“La Libertad empieza en el cuerpo”, afirma Susan Sontag. Esta frase me punza ante cada imagen de una mujer obligada a desaparecer hasta de la mirada de los otros por el látigo talibán. Por alguna razón, no ocurre lejos, ocurre en la boca de mi estómago la reverberación de ese terror.
La foto de niñas yendo al colegio como si ya vivieran en el pasado, porque no saben si de ahora en más las dejarán estudiar. Las mujeres que dejaron sus zapatos en las calles para poder huir más rápido hacia la nada, que es más que lo que les espera si se quedan. Los ojos enrejados bajo la mirilla tejida que queda como hendija filtrada de la realidad tras la burka. Son sólo algunas instantáneas de un infierno que amenaza con atenazar sus vidas en un infierno retrógrado.

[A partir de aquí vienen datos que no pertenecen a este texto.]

Lemma rV_neq0 (V : nmodType) n (v : 'rV[V]_n) : v != 0 -> exists i, v 0 i != 0.
Proof.
move=> v0; apply/existsP; apply: contraNT v0; rewrite negb_exists => /forallP v0.
by apply/eqP/matrixP => i j; rewrite ord1 mxE; apply/eqP; move: (v0 j); rewrite negbK.
Qed.

Section DiagonalDominance.
Variables (n : nat) (B : 'M[R]_n) (s : R).
Hypotheses (B0 : mxle 0 B) (rowsum_lt : forall i, \sum_j B i j < s).

Lemma rowsum_lt_unitmx : (s%:M - B) \in unitmx.
Proof.
have /mxle0E B0' := B0.
rewrite unitmxE unitfE -det_tr; apply/negP => /det0P [v v0 kerv].
have [i0 vi0_neq0] := rV_neq0 v0.
have [i _ vi_max] := @arg_maxP _ _ _ i0 predT (fun k => `|v 0 k|) isT.
have vi0 : 0 < `|v 0 i|.
  by apply: lt_le_trans (vi_max i0 isT); rewrite normr_gt0.
have eig : s * v 0 i = \sum_k v 0 k * B i k.
  move: kerv; rewrite linearB /= tr_scalar_mx mulmxBr mul_mx_scalar => /eqP.
  rewrite subr_eq0 => /eqP /matrixP /(_ 0 i); rewrite !mxE => ->.
  by apply: eq_bigr => k _; rewrite mxE.
have s0 : 0 < s by apply: le_lt_trans (rowsum_lt i); apply: sumr_ge0.
have : s * `|v 0 i| <= (\sum_k B i k) * `|v 0 i|.
  rewrite -(ger0_norm (ltW s0)) -normrM eig mulr_suml.
  apply: le_trans (ler_norm_sum _ _ _) _; apply: ler_sum => k _.
  by rewrite normrM (ger0_norm (B0' _ _)) mulrC ler_wpM2l //; apply: vi_max.
by rewrite ler_pM2r // leNgt rowsum_lt.
Qed.

Lemma rowsum_lt_monotone : monotone (s%:M - B).
Proof.
have /mxle0E B0' := B0.
split; first exact: rowsum_lt_unitmx.
apply/mxle0E => i j; set Z := invmx (s%:M - B).
have fixZ : s *: Z = 1%:M + B *m Z.
  have := mulmxV rowsum_lt_unitmx; rewrite -/Z mulmxBl mul_scalar_mx => /eqP.
  by rewrite subr_eq => /eqP ->; rewrite addrC.
have [k _ Zk_min] := @arg_minP _ _ _ j predT (fun k => Z k j) isT.
apply: le_trans (Zk_min i isT) => /=.
have : Z k j * \sum_l B k l <= s * Z k j.
  move/matrixP: fixZ => /(_ k j); rewrite !mxE => ->.
  rewrite mulr_sumr -[X in X <= _]add0r; apply: lerD; first by case: eqP.
  by apply: ler_sum => l _; rewrite mulrC ler_wpM2l // Zk_min.
rewrite -subr_ge0 (mulrC s) -mulrBr.
by rewrite pmulr_lge0 // subr_gt0.
Qed.

End DiagonalDominance.

Lemma char_poly_mx_horner n (B : 'M[R]_n) s :
  map_mx (horner_eval s) (char_poly_mx B) = s%:M - B.
Proof.
rewrite /char_poly_mx map_mxB map_scalar_mx /= horner_evalE hornerX; congr (_ - _).
by apply/matrixP => i j; rewrite !mxE horner_evalE hornerC.
Qed.

Lemma char_poly_horner n (B : 'M[R]_n) s : (char_poly B).[s] = \det (s%:M - B).
Proof. by rewrite -horner_evalE /char_poly -det_map_mx char_poly_mx_horner. Qed.

Lemma mem_eigen_seq n (B : 'M[R]_n) z :
  (z \in eigen_seq B) = root (char_poly (cmx B)) z.
Proof.
rewrite /eigen_seq; case: closed_field_poly_normal => r /= ->.
by rewrite rootZ ?root_prod_XsubC // (monicP (char_poly_monic _)) oner_eq0.
Qed.

Lemma spectral_radius_ge0 n (B : 'M[R]_n) : 0 <= spectral_radius B.
Proof. exact: bigmax_ge_id. Qed.

Lemma eigen_seq_le_rho n (B : 'M[R]_n) z :
  z \in eigen_seq B -> complex.Re `|z| <= spectral_radius B.
Proof. by move=> zB; apply: (le_bigmax_seq _ _ xpredT _ zB). Qed.

Lemma real_root_le_rho n (B : 'M[R]_n) s :
  root (char_poly B) s -> `|s| <= spectral_radius B.
Proof.
move=> Bs; have -> : `|s| = complex.Re `|(s%:C)%C|.
  by rewrite normc_def /= expr0n /= addr0 sqrtr_sqr.
apply: eigen_seq_le_rho; rewrite mem_eigen_seq.
by rewrite -[cmx B]/(map_mx (real_complex R) B) -map_char_poly /root horner_map (eqP Bs) rmorph0.
Qed.

Lemma unitmx_subr_gt_rho n (B : 'M[R]_n) s :
  spectral_radius B < s -> (s%:M - B) \in unitmx.
Proof.
move=> rho_s; rewrite unitmxE unitfE -char_poly_horner.
apply: contraTN rho_s => /real_root_le_rho s_le; rewrite -leNgt.
exact: le_trans (ler_norm s) s_le.
Qed.

Lemma horner_adj_char_poly_mx n (B : 'M[R]_n) s i j : (s%:M - B) \in unitmx ->
  (\adj (char_poly_mx B) i j).[s] = invmx (s%:M - B) i j * (char_poly B).[s].
Proof.
move=> unitB; have det_neq0 : \det (s%:M - B) != 0 by rewrite -unitfE -unitmxE.
have adjE : \adj (s%:M - B) = map_mx (horner_eval s) (\adj (char_poly_mx B)).
  by rewrite map_mx_adj char_poly_mx_horner.
rewrite char_poly_horner /invmx unitB adjE !mxE horner_evalE.
by rewrite mulrAC mulVf // mul1r.
Qed.

Lemma resolvent_ge0_closed n (B : 'M[R]_n) s : spectral_radius B < s ->
  (forall u, s < u -> mxle 0 (invmx (u%:M - B))) -> mxle 0 (invmx (s%:M - B)).
Proof.
move=> rho_s above; apply/mxle0E => i j; rewrite leNgt; apply/negP => Xij_neg.
(* [g] is a polynomial with the sign of the (i, j) resolvent entry. *)
pose g := \adj (char_poly_mx B) i j * char_poly B.
have gE u : s <= u -> g.[u] = invmx (u%:M - B) i j * (char_poly B).[u] ^+ 2.
  move=> s_u; have unitB := unitmx_subr_gt_rho (lt_le_trans rho_s s_u).
  by rewrite hornerM horner_adj_char_poly_mx // -mulrA -expr2.
have q_neq0 : (char_poly B).[s] != 0.
  by rewrite char_poly_horner -unitfE -unitmxE unitmx_subr_gt_rho.
have gs_neg : g.[s] < 0 by rewrite gE // pmulr_llt0 // exprn_even_gt0.
have [d d0 near_s] : exists2 d, 0 < d & forall u, `|u - s| < d -> `|g.[u] - g.[s]| < - g.[s].
  by apply: poly_cont; rewrite oppr_gt0.
pose u := s + d / 2.
have s_u : s < u by rewrite /u; lra.
have gu_ge0 : 0 <= g.[u].
  rewrite (gE u (ltW s_u)); apply: mulr_ge0; last exact: sqr_ge0.
  by move/mxle0E: (above u s_u); apply.
have u_near : `|u - s| < d by rewrite ger0_norm /u; lra.
by have := near_s u u_near; rewrite ltr_norml; lra.
Qed.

¿Si somos seres sociales, si nos reconoce el otro cuando nos mira, qué somos si nos borran? ¿Si no pueden mirarnos, si no podemos mirar con la vista limpia, si no somos para los otros, ni para nosotros? ¿Un fantasma ante un espejo? ¿Una voz temerosa que es la voz de nadie? ¿Nadie? Mis preguntas de mujer occidental suenan banales a la distancia. No lo son.
Las mujeres de Afganistán sienten que las matan en vida. No podrán estudiar, ni trabajar, ni salir a la calle sin la compañía de un hombre, ni reír fuerte, ni cantar, ni bailar, ni usar maquillaje, ni vestir colores, ni hacer deportes. “Apestan. Contaminan a la sociedad. Si lo hacen deben ser eliminadas”, dice el mantra fanático del talibán que promete moderación en la misma frase que la niega. Ellas no les creen. Cómo creerles. Mejor no salir a la calle. Pueden violarlas. Pueden lapidarlas. Y no habrá a quién pedir ayuda. Porque ni violarlas ni lapidarlas está mal para ellos. Es la ley. Como es la ley que acepten ser desposadas con quien se les ordene. Aunque sean niñas.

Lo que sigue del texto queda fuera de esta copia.